# Action item
Transcribe the data below exactly, but only from the line containing "From HB Require Import structures." through its final line, both included.

# Exercise data
== Segment start ==
(* Let $p$ and $q$ be two different odd primes and let $a\in(\mathbb{Z}/pq\mathbb{Z})^*$ be such that $a\bmod p$ generates $(\mathbb{Z}/p\mathbb{Z})^*$ and $a^{(p-1)/2}\equiv-1\pmod{pq}$. Let $S=S_{pq}(a)$ and $\lambda=|S\cap(S+1)|$. If $\lambda\equiv-2\pmod q$, then with $t=(\lambda+2)/q$ and any permutations $\pi_2,\dots,\pi_t$ of $\{1,\dots,p\}$, the graph $F_{(\pi_2,\dots,\pi_t)}(\Gamma_{pq}(a))$ is a Neumaier graph with parameters $(tpq,\,p+\lambda,\,\lambda;\,1,\,\lambda+2)$.
   Context: $S_{pq}(a)=\{a^j: 0\le j<p-1\}\subseteq\mathbb{Z}/pq\mathbb{Z}$, and $\Gamma_{pq}(a)$ is the Cayley graph on $(\mathbb{Z}/pq\mathbb{Z},+)$ with connection set $S_{pq}(a)$ ($x\sim y$ iff $x-y\in S_{pq}(a)$); $S+1=\{s+1:s\in S\}$. Its vertex set is partitioned into the $p$ cosets $C_1,\dots,C_p$ (in some fixed order) of the additive subgroup generated by $p$. Construction $F$: take $t$ disjoint copies $\Gamma_1,\dots,\Gamma_t$ of $\Gamma_{pq}(a)$, with $C_{i,r}$ the copy of $C_r$ in $\Gamma_i$, and set $\pi_1=\mathrm{id}$; $F_{(\pi_2,\dots,\pi_t)}(\Gamma_{pq}(a))$ has vertex set the union of the copies, and distinct $x\in C_{i,k'}$, $y\in C_{j,l'}$ are adjacent iff ($i=j$ and $x\sim y$ in $\Gamma_i$) or $\pi_i^{-1}(k')=\pi_j^{-1}(l')$. A regular graph is $\lambda$-edge-regular if it has at least one edge and any two adjacent vertices have exactly $\lambda$ common neighbours. A Neumaier graph with parameters $(v,k,\lambda;e,s)$ is a non-complete $k$-regular, $\lambda$-edge-regular graph on $v$ vertices containing a clique of size $s$ such that every vertex outside it has exactly $e>0$ neighbours in it. *)

From HB Require Import structures.
From mathcomp Require Import all_boot all_order all_algebra all_fingroup.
== Segment end ==
# Your response
From HB Require Import structures.
From mathcomp Require Import all_boot all_order all_algebra all_fingroup.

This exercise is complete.